(* Let $n\ge 1$ and $m\ge 2$ both be odd. Then $L_m(n)=0$.
   Context: The Ducci function $D:\mathbb{Z}_m^n\to\mathbb{Z}_m^n$ is $D(x_1,\dots,x_n)=(x_1+x_2,\,x_2+x_3,\,\dots,\,x_{n-1}+x_n,\,x_n+x_1)$, entries mod $m$. For $\mathbf{u}\in\mathbb{Z}_m^n$, $\mathrm{Len}(\mathbf{u})$ is the smallest $l\ge 0$ such that $D^{l+k}(\mathbf{u})=D^l(\mathbf{u})$ for some $k\ge 1$. $L_m(n)=\mathrm{Len}(0,0,\dots,0,1)$. *)

From mathcomp Require Import all_boot all_algebra.
From Stdlib Require Import ClassicalEpsilon.
Set Implicit Arguments. Unset Strict Implicit. Unset Printing Implicit Defensive.
Import GRing.Theory.

(* Vectors in Z_m^n, as finite functions 'I_n -> 'Z_m (meaningful for m >= 2;
   index i : 'I_n stands for x_{i+1}). *)
Definition vec (m n : nat) := {ffun 'I_n -> 'Z_m}.

Definition ducci (m n : nat) (x : vec m n) : vec m n :=
  [ffun i => (x i + x (ordS i))%R].

Definition eventually_periodic_from (m n : nat) (u : vec m n) (l : nat) : Prop :=
  exists k, 0 < k /\ iter (l + k) (@ducci m n) u = iter l (@ducci m n) u.

Definition epfb (m n : nat) (u : vec m n) (l : nat) : bool :=
  if excluded_middle_informative (eventually_periodic_from u l) then true else false.

Lemma epfbP m n (u : vec m n) l : reflect (eventually_periodic_from u l) (epfb u l).
Proof.
rewrite /epfb; case: excluded_middle_informative => H; [by left | by right].
Qed.

Lemma Len_exists (m n : nat) (u : vec m n) : exists l, epfb u l.
Proof.
pose f := fun i : 'I_(#|vec m n|).+1 => iter i (@ducci m n) u.
have : ~~ injectiveb f.
  apply/injectiveP => inj.
  have H := @leq_card _ _ f inj.
  rewrite card_ord in H.
  exact: (elimF idP (ltnn #|vec m n|) H).
case/dinjectivePn => i _ [j]; rewrite !inE => /andP [ji _] eqf.
have [lt|ge] := ltnP i j.
- exists i; apply/epfbP; exists (j - i); split; first by rewrite subn_gt0; assumption.
  rewrite (subnKC (ltnW lt)); symmetry; exact: eqf.
- have gt' : j < i by rewrite ltn_neqAle ji ge.
  exists j; apply/epfbP; exists (i - j); split; first by rewrite subn_gt0; assumption.
  rewrite (subnKC (ltnW gt')); exact: eqf.
Qed.

Definition Len (m n : nat) (u : vec m n) : nat := ex_minn (Len_exists u).

Definition e_last (m n : nat) : vec m n :=
  [ffun i : 'I_n => if val i == n.-1 then 1%R else 0%R].

Definition L (m n : nat) : nat := Len (e_last m n).

From mathcomp Require Import all_boot all_algebra.
Import GRing.Theory.

(* For odd m and n the Ducci map is injective on the finite set Z_m^n, hence a
   permutation, so every vector lies on a cycle and has length 0.  Injectivity
   is linear algebra: a kernel vector satisfies x_(i+1) = -x_i around a cycle
   of odd length n, so going once around gives x_i = -x_i, and 2 is invertible
   modulo the odd number m. *)

Lemma val_iter_ordS n (i : 'I_n) k : iter k (@ordS n) i = (i + k) %% n :> nat.
Proof.
elim: k => [|k IHk] /=; first by rewrite addn0 modn_small.
by rewrite IHk -addn1 modnDml addn1 addnS.
Qed.

Lemma iter_ordS_id n (i : 'I_n) : iter n (@ordS n) i = i.
Proof. by apply: ord_inj; rewrite val_iter_ordS modnDr modn_small. Qed.

Section OddCycle.

Local Open Scope ring_scope.

Variables (V : zmodType) (n : nat) (d : 'I_n -> V).
Hypothesis d_antiperiodic : forall i, d (ordS i) = - d i.

Lemma antiperiodic_iter k i : d (iter k (@ordS n) i) = if odd k then - d i else d i.
Proof.
elim: k => [|k IHk] //=; rewrite d_antiperiodic IHk.
by case: (odd k); rewrite ?opprK.
Qed.

Lemma antiperiodic_odd_cycle_eq0 :
  (forall x : V, x *+ 2 = 0 -> x = 0) -> odd n -> forall i, d i = 0.
Proof.
move=> double_inj odd_n i; apply: double_inj.
have := antiperiodic_iter n i; rewrite iter_ordS_id odd_n mulr2n => {1}->.
exact: addNr.
Qed.

End OddCycle.

(* [1 < m] is needed: ['Z_1] is Z/2Z, where doubling is zero. *)
Lemma Zp_double_eq0 m (x : 'Z_m) : 1 < m -> odd m -> (x *+ 2 = 0 -> x = 0)%R.
Proof.
move=> m_gt1 odd_m x2_eq0.
have unit2 : (2%:R : 'Z_m)%R \is a GRing.unit by rewrite unitZpE // coprimen2.
by apply: (mulIr unit2); rewrite mul0r mulr_natr x2_eq0.
Qed.

Lemma ducci_inj m n : 1 < m -> odd m -> odd n -> injective (@ducci m n).
Proof.
move=> m_gt1 odd_m odd_n x y /ffunP eq_xy; apply/ffunP => i.
apply: subr0_eq; move: i.
apply: (@antiperiodic_odd_cycle_eq0 _ _ (fun i => x i - y i)%R) => //.
- move=> i; have := eq_xy i; rewrite !ffunE => sum_eq.
  apply/eqP; rewrite opprB subr_eq addrAC eq_sym subr_eq.
  by rewrite [X in _ == X]addrC sum_eq.
- by move=> z; apply: Zp_double_eq0.
Qed.

Lemma injective_eventually_periodic_from0 m n (u : vec m n) :
  injective (@ducci m n) -> eventually_periodic_from u 0.
Proof.
move=> inj_ducci; exists (order (@ducci m n) u).
by split; [exact: order_gt0 | exact: iter_order].
Qed.

Lemma Len_eq0 m n (u : vec m n) : eventually_periodic_from u 0 -> Len u = 0.
Proof.
move/epfbP=> per0; rewrite /Len; case: ex_minnP => l _ /(_ 0 per0).
by rewrite leqn0 => /eqP.
Qed.

Theorem theorem2p2 (m n : nat) :
  1 <= n -> odd n -> 2 <= m -> odd m -> L m n = 0.
Proof.
move=> _ odd_n m_gt1 odd_m.
by apply/Len_eq0/injective_eventually_periodic_from0/ducci_inj.
Qed.
(* For every integer $m\ge1$: (i) $\mu_{m,i}(k_1,k_2,k_3,k_4)\in(k_1,k_2,k_3)\,\mathbb{Z}[k_1,k_2,k_3,k_4]$ for $i=1,2,3$; (ii) $\mu_{m,4}(k_1,k_2,k_3,k_4)\in k_4^{m^2}+(k_1,k_2,k_3)^2\,\mathbb{Z}[k_1,k_2,k_3,k_4]$.
   Context: Let $C/\mathbb{Q}$ be the genus $2$ curve $y^2=x^5+f_4x^4+f_3x^3+f_2x^2+f_1x+f_0$ with $f_i\in\mathbb{Z}$, $J$ its Jacobian, and $\kappa\colon J\to\mathbb{P}^3$ Flynn's Kummer map $[(x_1,y_1)+(x_2,y_2)-2\infty]\mapsto[1:x_1+x_2:x_1x_2:\beta_0]$ (so the identity maps to $[0:0:0:1]$). Let $\delta_1,\dots,\delta_4\in\mathbb{Z}[k_1,\dots,k_4]$ be Flynn's explicit quartic duplication polynomials for this Kummer surface (Cassels–Flynn, Appendix C of Flynn), and $B_{ij}$ the explicit integral biquadratic forms of Cassels–Flynn for this Kummer surface. Uchida's polynomials $\mu_{m,i}\in\mathbb{Z}[k_1,\dots,k_4]$ are defined by $\mu_{0,1}=\mu_{0,2}=\mu_{0,3}=0$, $\mu_{0,4}=1$, $\mu_{1,i}=k_i$, $\mu_{2m,i}=\delta_i(\mu_m)$ and $\mu_{2m+1,i}k_i=B_{ii}(\mu_{m+1},\mu_m)$ for $m\ge1$, where $\mu_m=(\mu_{m,1},\dots,\mu_{m,4})$. *)

From HB Require Import structures.
From mathcomp Require Import all_boot all_order all_algebra.
From mathcomp.multinomials Require Import mpoly.

Set Implicit Arguments.
Unset Strict Implicit.
Unset Printing Implicit Defensive.

Import Order.TTheory GRing.Theory Num.Theory.
Local Open Scope ring_scope.

(* Curve  C : y^2 = x^5 + f4 x^4 + f3 x^3 + f2 x^2 + f1 x + f0,  f_i in Z.   *)
(* (Sextic model with f5 = 1, f6 = 0.)                                       *)

Definition quintic (f0 f1 f2 f3 f4 : int) : {poly rat} :=
  'X^5 + (f4%:~R)%:P * 'X^4 + (f3%:~R)%:P * 'X^3 + (f2%:~R)%:P * 'X^2
  + (f1%:~R)%:P * 'X + (f0%:~R)%:P.

Definition genus2_quintic (f0 f1 f2 f3 f4 : int) : Prop :=
  coprimep (quintic f0 f1 f2 f3 f4) (quintic f0 f1 f2 f3 f4)^`().

Section Forms.
Variable R : comNzRingType.

(* Flynn's Kummer surface equation  K = K2 k4^2 + K1 k4 + K0  (f5=1, f6=0). *)
Definition Kummer (f0 f1 f2 f3 f4 : int) (k1 k2 k3 k4 : R) : R :=
  let F0 : R := f0%:~R in let F1 : R := f1%:~R in let F2 : R := f2%:~R in
  let F3 : R := f3%:~R in let F4 : R := f4%:~R in
  (k2 ^+ 2 - 4 * k1 * k3) * k4 ^+ 2
  - 2 * (2 * F0 * k1 ^+ 3 + F1 * k1 ^+ 2 * k2 + 2 * F2 * k1 ^+ 2 * k3
         + F3 * k1 * k2 * k3 + 2 * F4 * k1 * k3 ^+ 2 + k2 * k3 ^+ 2) * k4
  + ((F1 ^+ 2 - 4 * F0 * F2) * k1 ^+ 4 - 4 * F0 * F3 * k1 ^+ 3 * k2
     - 2 * F1 * F3 * k1 ^+ 3 * k3 - 4 * F0 * F4 * k1 ^+ 2 * k2 ^+ 2
     + 4 * (F0 - F1 * F4) * k1 ^+ 2 * k2 * k3
     + (F3 ^+ 2 + 2 * F1 - 4 * F2 * F4) * k1 ^+ 2 * k3 ^+ 2
     - 4 * F0 * k1 * k2 ^+ 3 - 4 * F1 * k1 * k2 ^+ 2 * k3
     - 4 * F2 * k1 * k2 * k3 ^+ 2 - 2 * F3 * k1 * k3 ^+ 3 + k3 ^+ 4).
=-=-=-=-=
#### Task to carry out:
Please print the lines from the start of the records up to and including the line with "Definition eventually_periodic_from (m", copying each one exactly and leaving out the rest.

#### Expected answer:
(* Let $n\ge 1$ and $m\ge 2$ both be odd. Then $L_m(n)=0$.
   Context: The Ducci function $D:\mathbb{Z}_m^n\to\mathbb{Z}_m^n$ is $D(x_1,\dots,x_n)=(x_1+x_2,\,x_2+x_3,\,\dots,\,x_{n-1}+x_n,\,x_n+x_1)$, entries mod $m$. For $\mathbf{u}\in\mathbb{Z}_m^n$, $\mathrm{Len}(\mathbf{u})$ is the smallest $l\ge 0$ such that $D^{l+k}(\mathbf{u})=D^l(\mathbf{u})$ for some $k\ge 1$. $L_m(n)=\mathrm{Len}(0,0,\dots,0,1)$. *)

From mathcomp Require Import all_boot all_algebra.
From Stdlib Require Import ClassicalEpsilon.
Set Implicit Arguments. Unset Strict Implicit. Unset Printing Implicit Defensive.
Import GRing.Theory.

(* Vectors in Z_m^n, as finite functions 'I_n -> 'Z_m (meaningful for m >= 2;
   index i : 'I_n stands for x_{i+1}). *)
Definition vec (m n : nat) := {ffun 'I_n -> 'Z_m}.

Definition ducci (m n : nat) (x : vec m n) : vec m n :=
  [ffun i => (x i + x (ordS i))%R].

Definition eventually_periodic_from (m n : nat) (u : vec m n) (l : nat) : Prop :=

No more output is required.